Pair Corralation between Global Equity and Global Absolute

Assuming the 90 days horizon Global Equity Fund is expected to under-perform the Global Absolute. In addition to that, Global Equity is 2.51 times more volatile than Global Absolute Return. It trades about 0.0 of its total potential returns per unit of risk. Global Absolute Return is currently generating about 0.02 per unit of volatility. If you would invest  1,013  in Global Absolute Return on October 7, 2024 and sell it today you would earn a total of  18.00  from holding Global Absolute Return or generate 1.78% return on investment over 90 days.
Time Period3 Months [change]
DirectionMoves Together 
StrengthStrong
Accuracy100.0%
ValuesDaily Returns

Global Equity Fund  vs.  Global Absolute Return

 Performance 
       Timeline  
Global Equity 

Risk-Adjusted Performance

0 of 100

 
Weak
 
Strong
Very Weak
Over the last 90 days Global Equity Fund has generated negative risk-adjusted returns adding no value to fund investors. In spite of weak performance in the last few months, the Fund's technical and fundamental indicators remain fairly strong which may send shares a bit higher in February 2025. The current disturbance may also be a sign of long term up-swing for the fund investors.
Global Absolute Return 

Risk-Adjusted Performance

0 of 100

 
Weak
 
Strong
Very Weak
Over the last 90 days Global Absolute Return has generated negative risk-adjusted returns adding no value to fund investors. In spite of fairly strong forward indicators, Global Absolute is not utilizing all of its potentials. The current stock price disturbance, may contribute to short-term losses for the investors.

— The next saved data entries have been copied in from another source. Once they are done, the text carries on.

Lemma exp_neg_lt_inv z : 0 < z -> exp (- z) < / z.
Proof.
  intros Hz. rewrite exp_Ropp. apply Rinv_lt_contravar; [apply Rmult_lt_0_compat, exp_pos; lra |].
  pose proof (exp_ineq1 z). lra.
Qed.

Lemma exp_neg_div_lt t eps u : 0 < t -> 0 < eps -> / (t * t * eps) < u ->
  exp (- t * u) / t < eps.
Proof.
  intros Ht He Hu.
  assert (Htu : 0 < t * u).
  { apply Rmult_lt_0_compat; [exact Ht |].
    apply Rlt_trans with (2 := Hu), Rinv_0_lt_compat. repeat apply Rmult_lt_0_compat; lra. }
  assert (H1 : 1 < t * t * eps * u).
  { assert (Hpos : 0 < t * t * eps) by (repeat apply Rmult_lt_0_compat; lra).
    replace 1 with (t * t * eps * / (t * t * eps)) by (field; lra).
    now apply Rmult_lt_compat_l. }
  assert (H2 : / (t * u) < eps * t).
  { apply (Rmult_lt_reg_l (t * u)); [exact Htu |].
    rewrite Rinv_r by (apply Rgt_not_eq; exact Htu). nra. }
  pose proof (exp_neg_lt_inv (t * u) Htu).
  rewrite Ropp_mult_distr_l_reverse. apply (Rmult_lt_reg_r t); [exact Ht |].
  unfold Rdiv. rewrite Rmult_assoc, Rinv_l, Rmult_1_r by (apply Rgt_not_eq; exact Ht). lra.
Qed.

Lemma ex_lim_RInt_M_integrand t : 0 < t ->
  exists L, filterlim (fun b => RInt (M_integrand t) 0 b) (Rbar_locally p_infty) (locally L).
Proof.
  intros Ht. apply (filterlim_locally_cauchy (F := Rbar_locally p_infty)).
  intros eps. pose proof (cond_pos eps) as He.
  set (B := / (t * t * eps)).
  assert (HB : 0 < B) by (apply Rinv_0_lt_compat; repeat apply Rmult_lt_0_compat; lra).
  assert (Htail : forall u, B < u -> exp (- t * u) / t < eps)
    by (intros u Hu; apply exp_neg_div_lt; [exact Ht | exact He | exact Hu]).
  exists (fun b => B < b). split; [now exists B |].
  intros u v Hu Hv. change (Rabs (RInt (M_integrand t) 0 v - RInt (M_integrand t) 0 u) < eps).
  destruct (Rle_dec u v) as [Huv | Huv].
  - pose proof (RInt_M_integrand_increment t u v Ht Huv). pose proof (Htail u Hu).
    rewrite Rabs_right by lra. lra.
  - pose proof (RInt_M_integrand_increment t v u Ht ltac:(lra)). pose proof (Htail v Hv).
    rewrite Rabs_left1 by lra. lra.
Qed.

Global Equity and Global Absolute Volatility Contrast

   Predicted Return Density   
       Returns  

Pair Trading with Global Equity and Global Absolute

The main advantage of trading using opposite Global Equity and Global Absolute positions is that it hedges away some unsystematic risk. Because of two separate transactions, even if Global Equity position performs unexpectedly, Global Absolute can make up some of the losses. Pair trading also minimizes risk from directional movements in the market. For example, if an entire industry or sector drops because of unexpected headlines, the short position in Global Absolute will offset losses from the drop in Global Absolute's long position.
The idea behind Global Equity Fund and Global Absolute Return pairs trading is to make the combined position market-neutral, meaning the overall market's direction will not affect its win or loss (or potential downside or upside). This can be achieved by designing a pairs trade with two highly correlated stocks or equities that operate in a similar space or sector, making it possible to obtain profits through simple and relatively low-risk investment.
Check out your portfolio center.
Note that this page's information should be used as a complementary analysis to find the right mix of equity instruments to add to your existing portfolios or create a brand new portfolio. You can also try the Odds Of Bankruptcy module to get analysis of equity chance of financial distress in the next 2 years.